§ **Stored data entries**

- Opening Delimiter -

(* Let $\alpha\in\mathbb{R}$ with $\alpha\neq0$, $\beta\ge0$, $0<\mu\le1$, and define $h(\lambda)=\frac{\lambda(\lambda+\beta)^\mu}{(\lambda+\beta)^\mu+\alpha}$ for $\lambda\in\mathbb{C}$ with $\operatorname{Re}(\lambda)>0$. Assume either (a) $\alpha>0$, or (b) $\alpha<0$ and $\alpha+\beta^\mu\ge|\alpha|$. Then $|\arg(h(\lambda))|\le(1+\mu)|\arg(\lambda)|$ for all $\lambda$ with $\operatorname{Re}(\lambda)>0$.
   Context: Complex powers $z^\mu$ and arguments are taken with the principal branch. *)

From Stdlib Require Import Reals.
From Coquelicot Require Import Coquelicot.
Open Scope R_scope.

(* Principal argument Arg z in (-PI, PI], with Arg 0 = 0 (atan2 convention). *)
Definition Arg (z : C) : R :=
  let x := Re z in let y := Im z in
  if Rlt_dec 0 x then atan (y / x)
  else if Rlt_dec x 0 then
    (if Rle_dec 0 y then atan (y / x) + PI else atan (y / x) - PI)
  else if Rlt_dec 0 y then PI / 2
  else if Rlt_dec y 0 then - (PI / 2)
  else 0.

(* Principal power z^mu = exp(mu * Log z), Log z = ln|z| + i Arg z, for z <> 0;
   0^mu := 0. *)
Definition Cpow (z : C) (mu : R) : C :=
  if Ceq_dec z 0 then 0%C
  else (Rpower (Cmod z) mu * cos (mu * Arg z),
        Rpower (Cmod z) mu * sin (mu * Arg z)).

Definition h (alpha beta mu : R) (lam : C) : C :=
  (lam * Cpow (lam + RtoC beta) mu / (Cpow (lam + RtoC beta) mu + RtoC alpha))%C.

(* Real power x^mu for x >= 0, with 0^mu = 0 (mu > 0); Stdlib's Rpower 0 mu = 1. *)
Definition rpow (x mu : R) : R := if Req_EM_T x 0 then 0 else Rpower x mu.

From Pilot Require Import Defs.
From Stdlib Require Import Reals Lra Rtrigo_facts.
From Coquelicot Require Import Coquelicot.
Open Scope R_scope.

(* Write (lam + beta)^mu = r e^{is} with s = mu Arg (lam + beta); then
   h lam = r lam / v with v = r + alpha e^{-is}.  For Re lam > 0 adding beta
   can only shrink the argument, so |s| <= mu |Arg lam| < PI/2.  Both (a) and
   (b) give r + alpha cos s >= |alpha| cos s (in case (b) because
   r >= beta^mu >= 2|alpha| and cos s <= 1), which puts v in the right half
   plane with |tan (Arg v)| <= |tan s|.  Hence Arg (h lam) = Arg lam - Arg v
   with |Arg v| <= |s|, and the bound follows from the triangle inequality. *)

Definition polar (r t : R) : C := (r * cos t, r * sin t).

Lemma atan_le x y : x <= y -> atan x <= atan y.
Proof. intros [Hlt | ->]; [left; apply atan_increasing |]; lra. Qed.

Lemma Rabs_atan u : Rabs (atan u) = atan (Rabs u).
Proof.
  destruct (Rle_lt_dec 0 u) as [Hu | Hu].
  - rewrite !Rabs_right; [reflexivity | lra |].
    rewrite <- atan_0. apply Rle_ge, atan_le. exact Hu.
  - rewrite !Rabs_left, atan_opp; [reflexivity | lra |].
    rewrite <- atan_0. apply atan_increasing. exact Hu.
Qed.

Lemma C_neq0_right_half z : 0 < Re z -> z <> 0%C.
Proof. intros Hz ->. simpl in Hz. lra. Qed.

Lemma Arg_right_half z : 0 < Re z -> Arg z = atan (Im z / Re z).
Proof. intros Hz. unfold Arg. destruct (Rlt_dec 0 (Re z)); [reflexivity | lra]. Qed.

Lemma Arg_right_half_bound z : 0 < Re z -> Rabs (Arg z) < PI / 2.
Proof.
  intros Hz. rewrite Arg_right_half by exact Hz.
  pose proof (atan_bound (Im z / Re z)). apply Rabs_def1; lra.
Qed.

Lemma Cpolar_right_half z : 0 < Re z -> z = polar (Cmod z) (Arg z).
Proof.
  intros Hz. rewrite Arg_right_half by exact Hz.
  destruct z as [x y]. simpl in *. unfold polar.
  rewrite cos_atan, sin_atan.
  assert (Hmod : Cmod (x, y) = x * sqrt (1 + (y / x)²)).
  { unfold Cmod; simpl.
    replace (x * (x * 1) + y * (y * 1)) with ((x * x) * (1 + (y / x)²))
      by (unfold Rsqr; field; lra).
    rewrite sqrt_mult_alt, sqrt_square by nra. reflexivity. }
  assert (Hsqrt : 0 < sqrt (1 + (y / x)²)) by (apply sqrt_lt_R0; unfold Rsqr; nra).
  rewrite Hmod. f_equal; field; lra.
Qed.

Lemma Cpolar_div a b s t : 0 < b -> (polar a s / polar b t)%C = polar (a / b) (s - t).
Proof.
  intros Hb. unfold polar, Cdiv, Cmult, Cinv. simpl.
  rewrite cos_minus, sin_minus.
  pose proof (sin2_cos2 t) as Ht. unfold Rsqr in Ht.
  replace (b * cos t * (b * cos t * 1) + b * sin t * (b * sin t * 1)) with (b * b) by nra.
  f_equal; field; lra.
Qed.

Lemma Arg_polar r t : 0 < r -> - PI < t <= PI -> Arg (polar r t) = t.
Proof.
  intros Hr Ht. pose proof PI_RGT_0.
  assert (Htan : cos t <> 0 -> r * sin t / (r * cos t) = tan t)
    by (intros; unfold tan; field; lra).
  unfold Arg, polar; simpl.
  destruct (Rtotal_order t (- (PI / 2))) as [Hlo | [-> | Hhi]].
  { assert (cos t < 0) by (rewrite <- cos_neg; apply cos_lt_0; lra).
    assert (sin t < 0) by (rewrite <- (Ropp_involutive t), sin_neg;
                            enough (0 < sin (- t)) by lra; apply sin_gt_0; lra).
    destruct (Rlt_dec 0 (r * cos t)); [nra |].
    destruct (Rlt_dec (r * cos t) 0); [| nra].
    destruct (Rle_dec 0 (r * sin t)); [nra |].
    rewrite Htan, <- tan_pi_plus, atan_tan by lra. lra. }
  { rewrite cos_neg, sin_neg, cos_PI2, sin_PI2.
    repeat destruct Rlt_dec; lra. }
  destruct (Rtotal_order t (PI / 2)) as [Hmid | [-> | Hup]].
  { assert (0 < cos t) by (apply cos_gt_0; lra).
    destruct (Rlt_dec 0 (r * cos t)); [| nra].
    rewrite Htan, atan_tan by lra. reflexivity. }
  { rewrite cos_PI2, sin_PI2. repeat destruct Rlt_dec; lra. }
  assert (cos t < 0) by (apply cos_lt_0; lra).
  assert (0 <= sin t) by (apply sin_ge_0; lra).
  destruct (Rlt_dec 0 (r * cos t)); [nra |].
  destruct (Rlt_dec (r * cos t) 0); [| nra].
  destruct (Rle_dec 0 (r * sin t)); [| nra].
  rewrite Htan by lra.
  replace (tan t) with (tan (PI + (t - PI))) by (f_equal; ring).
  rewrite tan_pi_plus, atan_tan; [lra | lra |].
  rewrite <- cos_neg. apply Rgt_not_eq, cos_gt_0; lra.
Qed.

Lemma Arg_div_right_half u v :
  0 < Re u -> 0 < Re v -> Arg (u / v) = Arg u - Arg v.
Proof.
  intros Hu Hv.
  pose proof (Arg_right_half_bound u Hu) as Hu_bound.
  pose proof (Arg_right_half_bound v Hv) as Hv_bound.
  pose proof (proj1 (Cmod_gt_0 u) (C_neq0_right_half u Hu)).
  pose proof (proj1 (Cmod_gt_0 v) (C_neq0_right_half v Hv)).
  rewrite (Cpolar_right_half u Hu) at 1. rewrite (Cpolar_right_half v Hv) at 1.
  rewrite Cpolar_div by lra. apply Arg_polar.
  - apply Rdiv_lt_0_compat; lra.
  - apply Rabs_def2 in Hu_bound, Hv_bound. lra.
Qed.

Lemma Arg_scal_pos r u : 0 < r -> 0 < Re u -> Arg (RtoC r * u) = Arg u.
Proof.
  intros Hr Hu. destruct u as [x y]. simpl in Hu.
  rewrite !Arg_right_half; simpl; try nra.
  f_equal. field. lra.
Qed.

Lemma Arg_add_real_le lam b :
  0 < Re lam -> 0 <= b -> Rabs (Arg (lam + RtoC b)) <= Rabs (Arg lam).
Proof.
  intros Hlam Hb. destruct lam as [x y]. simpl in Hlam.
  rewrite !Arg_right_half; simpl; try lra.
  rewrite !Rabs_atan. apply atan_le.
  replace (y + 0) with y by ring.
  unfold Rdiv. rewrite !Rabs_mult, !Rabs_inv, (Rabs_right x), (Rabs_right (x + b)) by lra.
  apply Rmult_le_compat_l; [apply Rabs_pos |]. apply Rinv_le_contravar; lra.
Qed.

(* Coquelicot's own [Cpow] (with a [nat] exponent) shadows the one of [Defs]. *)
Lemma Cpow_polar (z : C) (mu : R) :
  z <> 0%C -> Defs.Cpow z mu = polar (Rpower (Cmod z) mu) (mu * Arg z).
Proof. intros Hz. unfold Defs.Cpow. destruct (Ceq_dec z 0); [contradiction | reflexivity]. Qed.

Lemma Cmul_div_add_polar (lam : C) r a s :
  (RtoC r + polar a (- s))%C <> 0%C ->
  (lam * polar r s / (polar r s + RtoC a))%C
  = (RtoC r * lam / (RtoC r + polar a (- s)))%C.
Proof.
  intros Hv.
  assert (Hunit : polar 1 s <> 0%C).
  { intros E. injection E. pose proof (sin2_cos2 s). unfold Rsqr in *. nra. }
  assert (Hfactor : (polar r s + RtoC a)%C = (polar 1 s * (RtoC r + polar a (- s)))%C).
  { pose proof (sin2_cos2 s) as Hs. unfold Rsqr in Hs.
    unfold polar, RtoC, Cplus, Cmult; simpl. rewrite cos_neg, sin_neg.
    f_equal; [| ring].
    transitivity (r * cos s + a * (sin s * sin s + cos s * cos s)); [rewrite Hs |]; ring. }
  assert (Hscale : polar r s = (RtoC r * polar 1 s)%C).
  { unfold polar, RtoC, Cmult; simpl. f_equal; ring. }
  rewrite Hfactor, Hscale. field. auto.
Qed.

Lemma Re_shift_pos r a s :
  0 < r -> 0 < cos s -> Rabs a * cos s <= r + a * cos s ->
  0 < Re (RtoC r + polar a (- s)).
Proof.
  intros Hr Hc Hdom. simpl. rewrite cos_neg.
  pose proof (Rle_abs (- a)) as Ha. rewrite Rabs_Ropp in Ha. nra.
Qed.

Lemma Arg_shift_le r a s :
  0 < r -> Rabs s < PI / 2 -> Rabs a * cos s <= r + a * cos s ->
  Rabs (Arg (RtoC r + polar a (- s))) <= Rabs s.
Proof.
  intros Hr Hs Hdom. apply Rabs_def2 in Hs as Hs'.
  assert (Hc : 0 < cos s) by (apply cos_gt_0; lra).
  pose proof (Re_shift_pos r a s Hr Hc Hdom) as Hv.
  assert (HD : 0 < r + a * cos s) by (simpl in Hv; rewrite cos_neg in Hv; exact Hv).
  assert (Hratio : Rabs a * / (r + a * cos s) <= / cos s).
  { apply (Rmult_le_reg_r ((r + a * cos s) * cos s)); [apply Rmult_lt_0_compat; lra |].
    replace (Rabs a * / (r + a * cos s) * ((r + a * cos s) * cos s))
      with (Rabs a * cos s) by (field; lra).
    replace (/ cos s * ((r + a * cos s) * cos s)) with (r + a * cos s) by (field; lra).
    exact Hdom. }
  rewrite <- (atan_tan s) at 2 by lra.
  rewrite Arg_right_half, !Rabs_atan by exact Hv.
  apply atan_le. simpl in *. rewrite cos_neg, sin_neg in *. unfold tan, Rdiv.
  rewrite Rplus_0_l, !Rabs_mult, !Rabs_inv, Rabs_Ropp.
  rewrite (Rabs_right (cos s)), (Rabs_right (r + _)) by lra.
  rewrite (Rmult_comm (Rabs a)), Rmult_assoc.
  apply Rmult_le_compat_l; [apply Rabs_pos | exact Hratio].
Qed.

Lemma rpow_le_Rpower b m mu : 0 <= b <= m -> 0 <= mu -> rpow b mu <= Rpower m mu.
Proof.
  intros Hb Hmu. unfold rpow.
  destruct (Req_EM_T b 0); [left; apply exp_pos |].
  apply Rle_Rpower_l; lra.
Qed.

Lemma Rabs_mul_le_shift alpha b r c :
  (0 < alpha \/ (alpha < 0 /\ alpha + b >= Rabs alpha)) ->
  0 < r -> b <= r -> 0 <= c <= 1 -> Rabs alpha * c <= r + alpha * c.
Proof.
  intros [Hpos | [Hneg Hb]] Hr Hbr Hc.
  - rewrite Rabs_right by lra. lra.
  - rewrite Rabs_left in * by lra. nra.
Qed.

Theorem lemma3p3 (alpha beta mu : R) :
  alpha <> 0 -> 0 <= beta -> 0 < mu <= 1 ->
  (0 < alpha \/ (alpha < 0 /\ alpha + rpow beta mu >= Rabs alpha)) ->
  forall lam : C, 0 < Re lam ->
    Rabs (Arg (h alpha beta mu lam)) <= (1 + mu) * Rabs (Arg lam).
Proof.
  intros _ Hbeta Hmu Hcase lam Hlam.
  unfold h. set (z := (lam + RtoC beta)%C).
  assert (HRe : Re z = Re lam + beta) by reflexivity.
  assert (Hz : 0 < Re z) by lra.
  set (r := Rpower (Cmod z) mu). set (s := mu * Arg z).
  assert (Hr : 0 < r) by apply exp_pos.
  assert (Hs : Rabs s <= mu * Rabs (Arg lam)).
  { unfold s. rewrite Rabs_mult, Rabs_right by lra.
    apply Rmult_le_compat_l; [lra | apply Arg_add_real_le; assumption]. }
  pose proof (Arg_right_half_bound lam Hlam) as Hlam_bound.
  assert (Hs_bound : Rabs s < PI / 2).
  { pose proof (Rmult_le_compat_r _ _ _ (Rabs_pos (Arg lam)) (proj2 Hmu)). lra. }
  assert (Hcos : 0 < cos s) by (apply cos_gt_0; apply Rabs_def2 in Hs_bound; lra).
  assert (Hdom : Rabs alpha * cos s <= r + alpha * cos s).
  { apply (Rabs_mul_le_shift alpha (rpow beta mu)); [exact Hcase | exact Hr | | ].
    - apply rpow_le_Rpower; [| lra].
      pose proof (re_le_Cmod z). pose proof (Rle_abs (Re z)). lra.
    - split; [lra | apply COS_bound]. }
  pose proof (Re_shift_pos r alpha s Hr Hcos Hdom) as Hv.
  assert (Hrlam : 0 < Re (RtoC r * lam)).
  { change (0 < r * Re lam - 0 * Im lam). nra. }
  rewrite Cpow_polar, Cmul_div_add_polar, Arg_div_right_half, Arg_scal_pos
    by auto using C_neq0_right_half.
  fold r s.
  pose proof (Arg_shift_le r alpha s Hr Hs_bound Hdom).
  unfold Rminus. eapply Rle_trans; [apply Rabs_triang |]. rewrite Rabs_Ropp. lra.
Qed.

- Closing Delimiter -

§ **WHAT YOU SHOULD DO**
Output exactly the lines of the data that run from the one containing "- split; [lra" to the very last line, and no others.

§ **ANSWER BELOW**
    - split; [lra | apply COS_bound]. }
  pose proof (Re_shift_pos r alpha s Hr Hcos Hdom) as Hv.
  assert (Hrlam : 0 < Re (RtoC r * lam)).
  { change (0 < r * Re lam - 0 * Im lam). nra. }
  rewrite Cpow_polar, Cmul_div_add_polar, Arg_div_right_half, Arg_scal_pos
    by auto using C_neq0_right_half.
  fold r s.
  pose proof (Arg_shift_le r alpha s Hr Hs_bound Hdom).
  unfold Rminus. eapply Rle_trans; [apply Rabs_triang |]. rewrite Rabs_Ropp. lra.
Qed.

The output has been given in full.